The similarity in survival times in trials of weekly docetaxel suggests that the addition of DN-101 did not adversely affect outcomes. In the TAX 327 trial, use of weekly docetaxel resulted in slightly shorter survival relative to docetaxel every 3 weeks used in the control arm, although the study was not designed to compare the two arms.³ The inferior survival observed in ASCENT2 may have been related to the weekly docetaxel used on the ASCENT arm compared with the every-3-week dosing on the control arm.

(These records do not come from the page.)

Lemma cuts_slice_and (b1 b2 : {set E} -> Prop) G1 G2 G :
  regular arr b1 -> regular arr b2 ->
  is_slice arr b1 G1 -> is_slice arr b2 G2 ->
  is_slice arr (fun C => b1 C /\ b2 C) G -> cuts G = cuts G1 :&: cuts G2.
Proof.
move=> reg1 reg2 slice1 slice2 slice; apply/setP => C; rewrite !inE.
apply/(slice_cutsP _ slice (regularI reg1 reg2))/andP.
  case=> [->|->|[arrC [b1C b2C]]]; rewrite ?cons_cut0 ?cons_cutT //.
  by split; [apply/(slice_cutsP _ slice1 reg1) | apply/(slice_cutsP _ slice2 reg2)];
    apply: Or33.
case=> /(slice_cutsP _ slice1 reg1)[->|->|[arrC b1C]] cut2; [exact: Or31 | exact: Or32 |].
by case/(slice_cutsP _ slice2 reg2): cut2 => [->|->|[_ b2C]];
  [exact: Or31 | exact: Or32 | exact: Or33].
Qed.

End Slices.

Section SMin.
Variables (n : nat) (E : finType) (arr : rel E) (proc : E -> 'I_n) (pos : E -> nat).
Hypothesis comp : is_computation arr proc pos.

Lemma connect_proc_pos u v : proc u = proc v -> pos u <= pos v -> connect arr u v.
Proof.
move=> puv; rewrite leq_eqVlt => /orP[/eqP posuv | /(hb_path comp puv)//].
by rewrite (pos_inj comp puv posuv) connect0.
Qed.

Lemma final_ev_exists i : exists2 f, proc f = i & final_ev proc pos f.
Proof.
have [e pe] := proc_nonempty comp i.
have [f /eqP pf maxf] := @arg_maxnP _ e (fun g => proc g == i) pos (introT eqP pe).
by exists f => //; apply/forall_inP => g /eqP pg; apply: maxf; rewrite pg -pf.
Qed.

Lemma connect_to_proc u i : exists2 g, proc g = i & connect arr u g.
Proof.
have [g pg final_g] := final_ev_exists i.
have [f pf final_f] := final_ev_exists (proc u).
exists g; rewrite // (connect_trans _ (final_scc comp final_f final_g)) //.
by apply: connect_proc_pos; rewrite ?pf //; move/forall_inP: final_f; apply; rewrite pf.
Qed.

Definition proc_step : rel E :=
  fun e f => ~~ final_ev proc pos e && is_succ proc pos e f.

Lemma proc_step_pred m v : proc m = proc v -> pos m < pos v ->
  exists2 g, pos m <= pos g < pos v & proc g = proc v /\ proc_step g v.
Proof.
move=> pmv ltmv; pose before h := (proc h == proc v) && (pos h < pos v).
have before_m : before m by rewrite /before pmv eqxx.
have [g /andP[/eqP pg ltgv] maxg] := arg_maxnP pos before_m.
exists g; first by rewrite ltgv andbT; apply: maxg; rewrite /before pmv eqxx.
split=> //; apply/andP; split.
  by apply/forall_inP => /(_ v); rewrite pg eqxx leqNgt ltgv => /(_ isT).
rewrite /is_succ pg eqxx ltgv; apply/forall_inP => h /andP[/eqP ph ltgh].
rewrite leqNgt; apply: contraL ltgh => lthv; rewrite -leqNgt.
by apply: maxg; rewrite /before ph eqxx.
Qed.

Lemma connect_proc_step m v : proc m = proc v -> pos m <= pos v -> connect proc_step m v.
Proof.
have [k] := ubnP (pos v); elim: k v => // k IHk v ltvk pmv.
rewrite leq_eqVlt => /orP[/eqP posmv | ltmv]; first by rewrite (pos_inj comp pmv posmv).
have [g /andP[lemg ltgv] [pgv step_gv]] := proc_step_pred pmv ltmv.
apply: connect_trans (connect1 step_gv); apply: IHk lemg; last by rewrite pmv.
exact: leq_trans ltgv _.
Qed.

Lemma earliest_exists (H : rel E) u g :
  connect H u g -> exists f, earliest proc pos H u (proc g) f.
Proof.
move=> Hug; pose reach h := (proc h == proc g) && connect H u h.
have reach_g : reach g by rewrite /reach eqxx.
have [f /andP[pf Huf] minf] := arg_minnP pos reach_g.
by exists f; rewrite /earliest pf Huf; apply/forall_inP.
Qed.

Variables G1 G2 : rel E.
Hypotheses (G1_arr : forall C, cons_cut G1 C -> cons_cut arr C)
           (G2_arr : forall C, cons_cut G2 C -> cons_cut arr C).
Notation S := (smin proc pos G1 G2).

Lemma smin_edge u i : exists m, [/\ S u m, proc m = i &
  forall g, proc g = i -> connect G1 u g \/ connect G2 u g -> pos m <= pos g].
Proof.
have [g pg arr_ug] := connect_to_proc u i.
have [f1 earliest1] := earliest_exists (connect_cuts_sub G1_arr arr_ug).
have [f2 earliest2] := earliest_exists (connect_cuts_sub G2_arr arr_ug).
case/and3P: (earliest1) => /eqP p1 _ /forall_inP min1.
case/and3P: (earliest2) => /eqP p2 _ /forall_inP min2.
pose m := if pos f1 <= pos f2 then f1 else f2.
have [le_m1 le_m2] : pos m <= pos f1 /\ pos m <= pos f2.
  rewrite /m; case: (leqP (pos f1) (pos f2)) => [le12 | /ltnW lt21];
    by split; rewrite ?leqnn.
exists m; split.
- apply/orP; right; apply/existsP; exists (proc g).
  by apply/existsP; exists f1; apply/existsP; exists f2; rewrite earliest1 earliest2 /=.
- by rewrite -pg /m; case: ifP.
move=> h ph; have {}ph : proc h == proc g by rewrite ph pg.
case=> Huh; [apply: leq_trans le_m1 (min1 h _) | apply: leq_trans le_m2 (min2 h _)].
all: exact/andP.
Qed.

Lemma cuts_smin : cuts S = cuts G1 :&: cuts G2.
Proof.
apply/setP => C; rewrite !inE; apply/idP/andP => [cutS | [cut1 cut2]].
  have back u v : connect G1 u v \/ connect G2 u v -> v \in C -> u \in C.
    move=> Huv vC; have [m [Sum pm minm]] := smin_edge u (proc v).
    apply: (elimT (cons_cutP _ _) cutS u m Sum).
    apply: cons_cut_connect cutS _ vC.
    move: (connect_proc_step pm (minm v erefl Huv)); apply: connect_sub => x y step_xy.
    by apply: connect1; apply/orP; left.
  by split; apply/cons_cutP => u v Guv; apply: back; [left | right]; apply: connect1.
apply/cons_cutP => u v /orP[/andP[_ /and3P[/eqP pvu ltuv _]] | Fuv] vC.
  apply: cons_cut_connect cut1 _ vC.
  exact: connect_cuts_sub G1_arr _ _ (hb_path comp (esym pvu) ltuv).
case/existsP: Fuv => i /existsP[f1 /existsP[f2 /and3P[/and3P[_ Huf1 _] /and3P[_ Huf2 _]]]].
move/eqP=> vE; move: vC; rewrite vE; case: ifP => _.
  exact: cons_cut_connect cut1 Huf1.
exact: cons_cut_connect cut2 Huf2.
Qed.

End SMin.

Theorem theorem14 (n : nat) (E : finType) (arr : rel E) (proc : E -> 'I_n)
  (pos : E -> nat) (b1 b2 : {set E} -> Prop) (G1 G2 G : rel E) :
  is_computation arr proc pos ->
  regular arr b1 -> regular arr b2 ->
  is_slice arr b1 G1 -> is_slice arr b2 G2 ->
  is_slice arr (fun C => b1 C /\ b2 C) G ->
  cuts (smin proc pos G1 G2) = cuts G.
Proof.
move=> comp reg1 reg2 slice1 slice2 slice.
rewrite (cuts_slice_and reg1 reg2 slice1 slice2 slice).
apply: (cuts_smin comp) => C.
  exact: slice_cons_cut slice1.
exact: slice_cons_cut slice2.
Qed.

Ian Tannock, MD, PhD, DSc, of the Princess Margaret Hospital and University of Toronto, noted that although the trial may be criticized for using different schedules of docetaxel, "this was a pragmatic design, based on preclinical data and a prior phase II study that allowed maximum interaction of the two drugs." The results underscore the importance of confirming apparently promising phase II results, concluded Dr. Scher. ■

References

1. Scher HI, Chi KN, De Wit R, et al: Docetaxel (D) plus high-dose calcitriol versus D plus prednisone (P) for patients (Pts) with progressive castration-resistant prostate cancer (CRPC): Results from the phase III ASCENT2 trial. Abstract 4509.  Presented June 6, 2010.

2. Beer TM, Ryan CW, Venner PM, et al: ASCENT Investigators. Double-blinded randomized study of high-dose calcitriol plus docetaxel compared with placebo plus docetaxel in androgen-independent prostate cancer: A report from the ASCENT Investigators. J Clin Oncol 25:669-674, 2007.

3. Tannock IF, de Wit R, Berry WR, et al; TAX 327 Investigators. Docetaxel plus prednisone or mitoxantrone plus prednisone for advanced prostate cancer. N Engl J Med 351:1502-1512, 2004.